The strait, which handled a fifth of the world’s oil and liquefied natural gas traffic before the war, the dismantling of Iran’s nuclear capacity and ongoing sanctions are the sticking points in talks seeking to end the three-month conflict.

The waterway is covered by international law that  guarantees foreign vessels the right to pass through.

The US Treasury Department added the Persian Gulf Strait Authority, the Iranian body set up to manage passage through the strait, to a list of sanctioned people and entities seen as posing threats to US national security.

Iranian state TV said the draft deal would also have the US withdraw military forces from the immediate vicinity, though it said the issue of US troops in the region needed further discussion.

The White House dismissed the report as a “complete fabrication.” Tehran did not comment.

The US military has some 15,000 troops enforcing a blockade of Iran and thousands of additional forces at bases throughout the region.

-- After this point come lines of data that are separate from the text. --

Definition continuous_at {M} (dM : M -> M -> R) (g : R -> M) (t : R) : Prop :=
  forall eps, 0 < eps -> exists del, 0 < del /\
    forall s, Rabs (s - t) < del -> dM (g t) (g s) < eps.

Lemma continuous_at_glue {M} (dM : M -> M -> R) (g F H : R -> M) t r : 0 < r ->
  (forall u, t <= u <= t + r -> g u = F u) -> (forall u, t - r <= u <= t -> g u = H u) ->
  F t = g t -> H t = g t -> continuous_at dM F t -> continuous_at dM H t ->
  continuous_at dM g t.
Proof.
  intros Hr HF HH Ft Ht cF cH eps Heps.
  destruct (cF eps Heps) as (d1 & Hd1 & H1), (cH eps Heps) as (d2 & Hd2 & H2).
  exists (Rmin r (Rmin d1 d2)). split; [now repeat apply Rmin_pos|].
  intros s Hs. apply Rabs_def2 in Hs.
  pose proof (Rmin_l r (Rmin d1 d2)). pose proof (Rmin_r r (Rmin d1 d2)).
  pose proof (Rmin_l d1 d2). pose proof (Rmin_r d1 d2).
  destruct (Rle_dec t s).
  - rewrite (HF s), <- Ft by lra. apply H1, Rabs_def1; lra.
  - rewrite (HH s), <- Ht by lra. apply H2, Rabs_def1; lra.
Qed.

Section Flow.
Variables (M : Type) (dM : M -> M -> R) (phi : R -> M -> M).
Hypothesis phi_flow : is_cont_flow dM phi.

Lemma flow_zero x : phi 0 x = x.
Proof. apply phi_flow. Qed.

Lemma flow_add s t x : phi s (phi t x) = phi (s + t) x.
Proof. symmetry. apply phi_flow. Qed.

Lemma flow_continuous_space t x eps : 0 < eps ->
  exists del, 0 < del /\ forall y, dM x y < del -> dM (phi t x) (phi t y) < eps.
Proof.
  intros Heps. destruct (proj2 (proj2 phi_flow) t x eps Heps) as (del & Hdel & H).
  exists del. split; [exact Hdel|]. intros y Hy. apply H; [|exact Hy].
  rewrite Rminus_diag, Rabs_R0. exact Hdel.
Qed.

Lemma flow_orbit_continuous a x t : is_metric dM ->
  continuous_at dM (fun u => phi (u - a) x) t.
Proof.
  intros Hm eps Heps. destruct (proj2 (proj2 phi_flow) (t - a) x eps Heps) as (del & Hdel & H).
  exists del. split; [exact Hdel|]. intros s Hs. apply H.
  - now replace (s - a - (t - a)) with (s - t) by ring.
  - now rewrite metric_refl.
Qed.
Lemma is_derive_of_increments (f : R -> R) (t c : R) :
  (forall ep, 0 < ep -> exists k0, 0 < k0 /\ forall k, 0 < k < k0 ->
     Rabs (f (t + k) - f t - c * k) <= ep * k /\
     Rabs (f t - f (t - k) - c * k) <= ep * k) ->
  is_derive f t c.
Proof.
  intros Hinc. apply is_derive_Reals. intros eps Heps.
  destruct (Hinc (eps / 2) ltac:(lra)) as [k0 [Hk0 Hk]].
  exists (mkposreal k0 Hk0). intros k Hk_ne Hk_lt. simpl in Hk_lt.
  assert (Hr : Rabs (f (t + k) - f t - c * k) <= eps / 2 * Rabs k).
  { destruct (Rlt_le_dec 0 k) as [Hpos|Hneg].
    - rewrite (Rabs_pos_eq k) in * by lra. apply Hk. lra.
    - assert (Hk_neg : k < 0) by (destruct Hneg; [auto|contradiction]).
      rewrite (Rabs_left k) in * by lra. destruct (Hk (- k) ltac:(lra)) as [_ Hleft].
      replace (t - - k) with (t + k) in Hleft by ring.
      rewrite <- Rabs_Ropp. replace (- (f (t + k) - f t - c * k))
        with (f t - f (t + k) - c * - k) by ring. exact Hleft. }
  assert (Habs : 0 < Rabs k) by (apply Rabs_pos_lt; exact Hk_ne).
  replace ((f (t + k) - f t) / k - c) with ((f (t + k) - f t - c * k) / k)
    by (field; exact Hk_ne).
  rewrite Rabs_div by exact Hk_ne. apply Rle_lt_trans with (eps / 2); [|lra].
  unfold Rdiv. apply (Rmult_le_reg_r (Rabs k)); [exact Habs|].
  rewrite Rmult_assoc, Rinv_l, Rmult_1_r by lra. exact Hr.
Qed.

Section Perron.

Variable H : R -> R -> R.
Hypothesis H_pos : forall s z, 0 < H s z.
Hypothesis H_le_1 : forall s z, H s z <= 1.
Hypothesis H_cont : forall s z, continuity_2d_pt H s z.
Variables w0 y0 : R.

Definition subsolution (phi : R -> R) : Prop :=
  (forall w, continuity_pt phi w) /\ phi w0 <= y0 /\
  forall s, w0 <= s -> upper_dini_le phi (H s (phi s)) s.

Lemma subsolution_lipschitz phi a b : subsolution phi -> w0 <= a <= b ->
  phi b <= phi a + (b - a).
Proof.
  intros [Hc [_ Hd]] Hab. rewrite <- (Rmult_1_l (b - a)).
  apply le_line_of_upper_dini; [lra|exact Hc|lra|]. intros s Hs _ e He.
  destruct (Hd s ltac:(lra) e He) as [d [Hd0 Hk]]. exists d; split; [exact Hd0|].
  intros k Hk'. specialize (Hk k Hk'). specialize (H_le_1 s (phi s)). nra.
Qed.

Lemma subsolution_const : subsolution (fun _ => y0).
Proof.
  split; [|split; [lra|]].
  - intros w. apply continuity_pt_const. intros u v. reflexivity.
  - intros s _ e He. exists 1; split; [lra|]. intros k Hk.
    specialize (H_pos s y0). nra.
Qed.

Definition glue (phi : R -> R) (t sg dl : R) (u : R) : R :=
  phi (Rmin u t) + sg * Rmin (Rmax (u - t) 0) dl.

Lemma glue_left phi t sg dl u : 0 <= dl -> u <= t -> glue phi t sg dl u = phi u.
Proof.
  intros Hdl Hu. unfold glue. rewrite Rmin_left, Rmax_right, Rmin_left by lra. ring.
Qed.

Lemma glue_segment phi t sg dl u : t <= u <= t + dl ->
  glue phi t sg dl u = phi t + sg * (u - t).
Proof.
  intros Hu. unfold glue. rewrite Rmin_right, Rmax_left, Rmin_left by lra. reflexivity.
Qed.

Lemma glue_right phi t sg dl u : 0 <= dl -> t + dl <= u ->
  glue phi t sg dl u = phi t + sg * dl.
Proof.
  intros Hdl Hu. unfold glue. rewrite Rmin_right, Rmax_left, Rmin_right by lra. reflexivity.
Qed.

Lemma glue_continuity phi t sg dl : (forall w, continuity_pt phi w) ->
  forall w, continuity_pt (glue phi t sg dl) w.
Proof.
  intros Hphi w. apply continuity_pt_plus.
  - apply (continuity_pt_comp (fun u => Rmin u t) phi);
      [apply continuity_pt_Rmin_r|apply Hphi].
  - apply (continuity_pt_lipschitz _ _ (Rabs sg)). intros y.
    rewrite <- Rmult_minus_distr_l, Rabs_mult.
    apply Rmult_le_compat_l; [apply Rabs_pos|].
    eapply Rle_trans; [apply Rabs_Rmin_sub|].
    eapply Rle_trans; [apply Rabs_Rmax_sub|]. right. f_equal. ring.
Qed.
(* In any execution of the algorithm described in the context, all non-faulty processes that decide decide the same value; i.e., no two non-faulty processes decide different values.
   Context: Model. There are $n$ processes $p_1,\dots,p_n$ ($i$ is the index of $p_i$) communicating over an asynchronous, reliable, point-to-point network: every pair of processes is connected by a channel, message delays are finite but unbounded, and the network does not lose, duplicate, modify or create messages. ''Broadcast'' means sending the message to every process (including oneself). Messages are signed with unforgeable digital signatures ($\langle m\rangle_j$ denotes message $m$ signed by $p_j$); malformed messages or messages with invalid signatures are ignored. Up to $t$ processes are Byzantine (faulty) and may behave arbitrarily and collude, but cannot forge signatures of other processes; the remaining processes are non-faulty and follow the algorithm. It is assumed that $t<n/3$. Algorithm. Messages are of the form $\mathrm{AUX}[r](v)$ with round $r\in\mathbb{N}$ and $v\in\{0,1\}$, sent as a pair $(\langle \mathrm{AUX}[r](v)\rangle_j,\mathit{proofs})$ where $\mathit{proofs}$ is a set of signed AUX messages. The predicate $\mathsf{is\_valid}(r,est,\mathit{proofs})$ is: if $r=0$ return true; if $r=1$ return true iff $\mathit{proofs}$ contains signed $\mathrm{AUX}[0](est)$ messages from $t+1$ different processes; otherwise let $b=(r-1)\bmod 2$; if $est=b$, return true iff ($r=2$ and $\mathit{proofs}$ contains signed $\mathrm{AUX}[0](b)$ from $t+1$ different processes) or ($\mathit{proofs}$ contains signed $\mathrm{AUX}[r-2](b)$ from $n-t$ different processes); if $est\neq b$, return true iff $\mathit{proofs}$ contains signed $\mathrm{AUX}[r-1](\neg b)$ from $n-t$ different processes. Each process $p_i$ with proposal $v_i$ keeps a round counter $r_i$, a set $\mathit{aux\_values}_i$ of signed AUX messages, and timers indexed by naturals (timers $2r$ and $2r+1$ belong to round $r$; starting an already started or expired timer does nothing). It sets $r_i:=0$, $\mathit{aux\_values}_i:=\emptyset$, broadcasts $(\langle\mathrm{AUX}[0](v_i)\rangle_i,\emptyset)$, then repeats forever: (1) $r_i:=r_i+1$; (2) if $i=r_i\bmod n$ (coordinator), run Broadcast; (3) start timer $2r_i$ and wait until it expires; (4) if $i\ne r_i\bmod n$, run Broadcast; (5) wait until $\mathit{aux\_values}_i$ contains round-$r_i$ AUX messages from $n-t$ different processes; (6) start timer $2r_i+1$ and wait until it expires; (7) with $b_i=r_i\bmod 2$, if $\mathit{aux\_values}_i$ contains $\mathrm{AUX}[r_i](b_i)$ from $n-t$ different processes, decide $b_i$ (if not yet decided); a process decides in round $r$ if it decides at this step with $r_i=r$. Broadcast: let $\mathit{values}_i$ be the set of $v\in\{0,1\}$ such that $\mathsf{is\_valid}(r_i,v,S)$ holds for some $S\subseteq\mathit{aux\_values}_i$; let $bv=(r_i+1)\bmod 2$; if $p_i$ received from $p_{r_i\bmod n}$ a message $(\langle\mathrm{AUX}[r_i](p)\rangle_{r_i\bmod n},\cdot)$ with $p\in\mathit{values}_i$ then $est_i:=p$, else if $bv\in\mathit{values}_i$ then $est_i:=bv$, else $est_i:=\neg bv$; choose $\mathit{proofs}\subseteq\mathit{aux\_values}_i$ with $\mathsf{is\_valid}(r_i,est_i,\mathit{proofs})$ and broadcast $(\langle\mathrm{AUX}[r_i](est_i)\rangle_i,\mathit{proofs})$. On receiving $(\langle\mathrm{AUX}[r_j](est_j)\rangle_j,\mathit{proofs})$: if $\mathsf{is\_valid}(r_j,est_j,\mathit{proofs})$, add the signed message and the messages of $\mathit{proofs}$ needed to satisfy the predicate to $\mathit{aux\_values}_i$ (such messages are called valid). Then let $\rho_i$ be the largest round for which $\mathit{aux\_values}_i$ contains messages from $t+1$ different processes, and set every timer with index $\le 2\rho_i$ to expired. *)

From mathcomp Require Import all_boot.
Set Implicit Arguments. Unset Strict Implicit. Unset Printing Implicit Defensive.
(* Assume (H1)–(H4) and let $H$ be a defining function for $Y$. Let $u$ be an upper semicontinuous viscosity subsolution of $( * )$ on $X$, and suppose $\phi\in C^2$ is such that $u-\phi$ has a strict local maximum at $x\in X$. Then $$\max\{-g(\nabla\phi(x))\det(D^2\phi(x))+f(x),\;-\lambda_1(D^2\phi(x)),\;H(\nabla\phi(x))\}\le 0.$$
   Context: Standing hypotheses (H1)–(H4): (H1) $X,Y\subset\mathbb{R}^n$ are convex, bounded, open domains. (H2) $f\in L^1(X)$ is non-negative and lower semicontinuous. (H3) $g\in L^1(\mathbb{R}^n)$ is positive on $Y$, vanishes on $\mathbb{R}^n\setminus Y$, and is upper semicontinuous. (H4) $\int_X f\,dx=\int_Y g\,dy$. A defining function for $Y$ is a continuous $H:\mathbb{R}^n\to\mathbb{R}$ with $H<0$ on $Y$, $H=0$ on $\partial Y$, $H>0$ on $\mathbb{R}^n\setminus\bar Y$. $\lambda_1(A)$ is the smallest eigenvalue of a symmetric matrix $A$. Equation $( * )$: $\max\{-g(\nabla u)\det(D^2u)+f,-\lambda_1(D^2u),H(\nabla u)\}=0$ in $X$. With $F(x,p,A)=\max\{-g(p)\det A+f(x),-\lambda_1(A),H(p)\}$, an upper semicontinuous $u$ is a viscosity subsolution of $( * )$ if for every $\phi\in C^2$ and $x\in X$ at which $u-\phi$ has a local maximum, $F_*(x,\nabla\phi(x),D^2\phi(x))\le0$, $F_*$ the lower semicontinuous envelope of $F$. *)

From HB Require Import structures.
From Stdlib Require Import Reals Lra ClassicalEpsilon FunctionalExtensionality.
From mathcomp Require Import all_boot all_algebra.

Set Implicit Arguments.
Unset Strict Implicit.
Unset Printing Implicit Defensive.

Local Open Scope R_scope.

Definition R_eqb (x y : R) : bool := if Req_EM_T x y then true else false.
Lemma R_eqP : Equality.axiom R_eqb.
Proof. move=> x y; rewrite /R_eqb; case: Req_EM_T => h; by constructor. Qed.
HB.instance Definition _ := hasDecEq.Build R R_eqP.
Theorem proposition1 (Lambda LambdaF : nat) :
  (0 < Lambda)%N -> (0 < LambdaF)%N ->
  (* linear independence of the family B_0 (indexed without repetition) *)
  (forall (k : nat) (f : 'I_k -> gen Lambda LambdaF) (c : 'I_k -> C),
     injective f -> (forall i, inB0 (f i)) ->
     (forall b b', lincomb c f b b' = 0) ->
     forall i, c i = 0) /\
  (* B_0 spans the span of all operators of the four kinds *)
  (forall g : gen Lambda LambdaF,
     exists (k : nat) (f : 'I_k -> gen Lambda LambdaF) (c : 'I_k -> C),
       (forall i, inB0 (f i)) /\
       (forall b b', op_of g b b' = lincomb c f b b')).
Proof.
case: LambdaF => [//|m] _ _; split=> [k f c f_inj f_B0 comb0|g].
  apply: (triangular_free (ev := fun g t => op_of g t.1 t.2)
            (test := @test_pair Lambda m) (rank := @gen_rank Lambda m) f_inj)
    => [i|i j|[b b']].
  - exact: op_of_test_pair_neq0.
  - exact: op_of_test_pair_triangular.
  - exact: comb0.
exact: spanB0_lincomb (spanB0_op_of g).
Qed.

US naval vessels, some with thousands of sailors and Marines aboard, regularly transit the region, stopping in ports including in Oman.

The Iranian TV report on the draft agreement did not mention Iran’s nuclear programme, which the US wants disbanded.

Iranian sources have said talks on the nuclear issue will come in a second round of negotiations – something that may not be acceptable to some of Trump’s closest supporters.

Iran says its nuclear programme is for peaceful purposes only.

“The bottom line is Iran’s never going to have a nuclear weapon,” US Secretary of State Marco Rubio said at the cabinet meeting.